Nutrition during adolescence, when biological and physiological development takes place, is one of the last investment opportunities an individual can make for his or her future years. Research shows that eating habits and behaviors acquired during adolescence; It is important to protect the person from many chronic diseases in the future.

Adolescence is the period of development that begins in adolescence and ends in adulthood. The World Health Organization (WHO) defines adolescence as between the ages of 10 and 19, and youth as between the ages of 15 and 24, while young people include the entrepreneurial age group between the ages of 10 and 24. Recently, in the adolescent health and health life cycle, this time an additional 5 years are divided into three categories: early adolescence (10-14 years), late adolescence (15-19 years) and young adulthood (20-24 years). While abnormal body growth during adolescence can manifest with overnutrition as overweight and obesity and can be used as a proxy for nutritional status, undernutrition can manifest as stunting and/or nutrient deficiency without changes in body size (so-called hidden hunger).

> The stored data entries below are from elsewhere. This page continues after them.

(* For all integers $f,n\ge0$ with $(f,n)\neq(0,0)$, one has $T_{0,0}(q)=1$ and $$T_{f,n}(q)=T_{f,n-1}(q)+\{n+1\}\,T_{f-1,n+1}(q),$$ where $T_{f,n}(q)$ is interpreted as $0$ if $f$ or $n$ is negative.
   Context: For $f,n\ge0$, a chord diagram with $f$ free chords and $n$ tethered chords is described combinatorially as follows: take $2f+n$ points on a circle labelled $1,2,\dots,2f+n$ in clockwise order starting after a fixed basepoint; choose an $n$-element subset of these points (the endpoints of the tethered chords, each joined by a chord to the basepoint) and a perfect matching of the remaining $2f$ points into $f$ free chords. The number of crossings of such a diagram is the number of pairs of free chords $\{a<b\},\{c<d\}$ with $a<c<b<d$, plus the number of pairs (tethered endpoint $p$, free chord $\{a<b\}$) with $a<p<b$. Let $N(f,n,c)$ be the number of such diagrams with $c$ crossings and $T_{f,n}(q):=\sum_cN(f,n,c)q^c\in\mathbb N[q]$. Also $\{m\}:=1+q+\cdots+q^{m-1}$ is the classical $q$-integer. *)

From HB Require Import structures.
From mathcomp Require Import all_boot all_order all_algebra.
Set Implicit Arguments. Unset Strict Implicit. Unset Printing Implicit Defensive.
Import GRing.Theory.
Local Open Scope ring_scope.

(* A chord diagram with f free chords and n tethered chords on the points
   0, 1, ..., 2f+n-1 (standing for 1, ..., 2f+n, in clockwise order after
   the basepoint) is encoded by an involution p of 'I_(2f+n) with exactly n
   fixed points: the fixed points are the tethered endpoints, and the
   2-cycles {a, p a} are the free chords.  This is in bijection with the
   data (n-subset, perfect matching of its complement). *)
Definition diagram_pts (f n : nat) := (2 * f + n)%N.
(* Let $T>0$, $\theta\ge0$, and let $g:[-T,T)^d\times[-T,T)^d\to\mathbb C$ be symmetric and $\theta$-biadditive in $[-T,T)^d\times[-T,T)^d$. Then there is a symmetric, biadditive function $G$ in $[-T,T)^d\times[-T,T)^d$ such that $$|g({\bf x},{\bf y})-G({\bf x},{\bf y})|\le(7d^2-1)\theta\quad\text{for all }{\bf x},{\bf y}\in[-T,T)^d.$$ Moreover, if the projections of $g({\bf x},{\bf y})$ onto each coordinate (i.e. the functions $(x,y)\mapsto g(x{\bf e}_i,y{\bf e}_k)$) are continuous in at least one point (with respect to both arguments), then $G$ is continuous and bilinear in $[-T,T)^d\times[-T,T)^d$.
   Context: ${\bf e}_i$ is the $i$-th standard basis vector. For $\mathcal E\subseteq\mathbb R^d$, $g$ is $\theta$-biadditive in $\mathcal E\times\mathcal E$ if $|g({\bf x}_1+{\bf x}_2,{\bf y})-g({\bf x}_1,{\bf y})-g({\bf x}_2,{\bf y})|\le\theta$ and $|g({\bf x},{\bf y}_1+{\bf y}_2)-g({\bf x},{\bf y}_1)-g({\bf x},{\bf y}_2)|\le\theta$ for all ${\bf x}_1,{\bf x}_2,{\bf y},{\bf x},{\bf y}_1,{\bf y}_2\in\mathcal E$ with ${\bf x}_1+{\bf x}_2\in\mathcal E$ and ${\bf y}_1+{\bf y}_2\in\mathcal E$; biadditive means $0$-biadditive; symmetric means $g({\bf x},{\bf y})=g({\bf y},{\bf x})$ for all ${\bf x},{\bf y}\in\mathcal E$. *)

From HB Require Import structures.
From mathcomp Require Import all_boot all_order all_algebra.
From mathcomp Require Import all_classical all_reals all_analysis.
From mathcomp Require Import complex.
Set Implicit Arguments. Unset Strict Implicit. Unset Printing Implicit Defensive.
Import Order.TTheory GRing.Theory Num.Theory.
Import numFieldTopology.Exports numFieldNormedType.Exports.
Local Open Scope classical_set_scope.
Local Open Scope ring_scope.

Definition box (R : realType) (d : nat) (T : R) : set 'rV[R]_d :=
  [set x | forall i : 'I_d, -T <= x ord0 i < T].

Arguments box {R} d T.

Definition ebasis (R : realType) (d : nat) (i : 'I_d) : 'rV[R]_d :=
  delta_mx ord0 i.

Arguments ebasis {R d} i.

Definition biadditive_approx (R : realType) (d : nat) (E : set 'rV[R]_d)
  (theta : R) (g : 'rV[R]_d -> 'rV[R]_d -> R[i]) : Prop :=
  (forall x1 x2 y, E x1 -> E x2 -> E y -> E (x1 + x2) ->
     `|g (x1 + x2) y - g x1 y - g x2 y| <= (theta%:C)%C) /\
  (forall x y1 y2, E x -> E y1 -> E y2 -> E (y1 + y2) ->
     `|g x (y1 + y2) - g x y1 - g x y2| <= (theta%:C)%C).

Definition biadditive_on (R : realType) (d : nat) (E : set 'rV[R]_d)
  (g : 'rV[R]_d -> 'rV[R]_d -> R[i]) : Prop :=
  biadditive_approx E 0 g.

Definition symmetric_on (R : realType) (d : nat) (E : set 'rV[R]_d)
  (g : 'rV[R]_d -> 'rV[R]_d -> R[i]) : Prop :=
  forall x y, E x -> E y -> g x y = g y x.

Definition bilinear_on (R : realType) (d : nat) (E : set 'rV[R]_d)
  (g : 'rV[R]_d -> 'rV[R]_d -> R[i]) : Prop :=
  biadditive_on E g /\
  (forall (c : R) x y, E x -> E (c *: x) -> E y -> g (c *: x) y = (c%:C)%C * g x y) /\
  (forall (c : R) x y, E x -> E y -> E (c *: y) -> g x (c *: y) = (c%:C)%C * g x y).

Adolescence is a time of increased freedom, characterized by decreased parental control of meals and snacks. Peer pressure replaces parental authority and poor eating habits can often occur during the teenage years. Skipping meals (especially breakfast) becomes more common, and consuming healthy foods such as fruits, vegetables, dairy products, whole grains, lean meats, and fish can lead to descriptions such as "mama's boy" among children of this age.

    Adolescence is also the time when weight obsession is triggered, especially in young women, and the period when individuals engage in self-restrictive diets is the time of onset for eating disorders. Finally, a number of chronic diseases, such as type 1 diabetes, inflammatory bowel disease, and celiac disease, can begin during adolescence. These diseases may be further complicated by a combination of increased metabolic demands associated with dietary restrictions and chronic inflammation, increased requirements for growth and development, and nutritional deficiencies.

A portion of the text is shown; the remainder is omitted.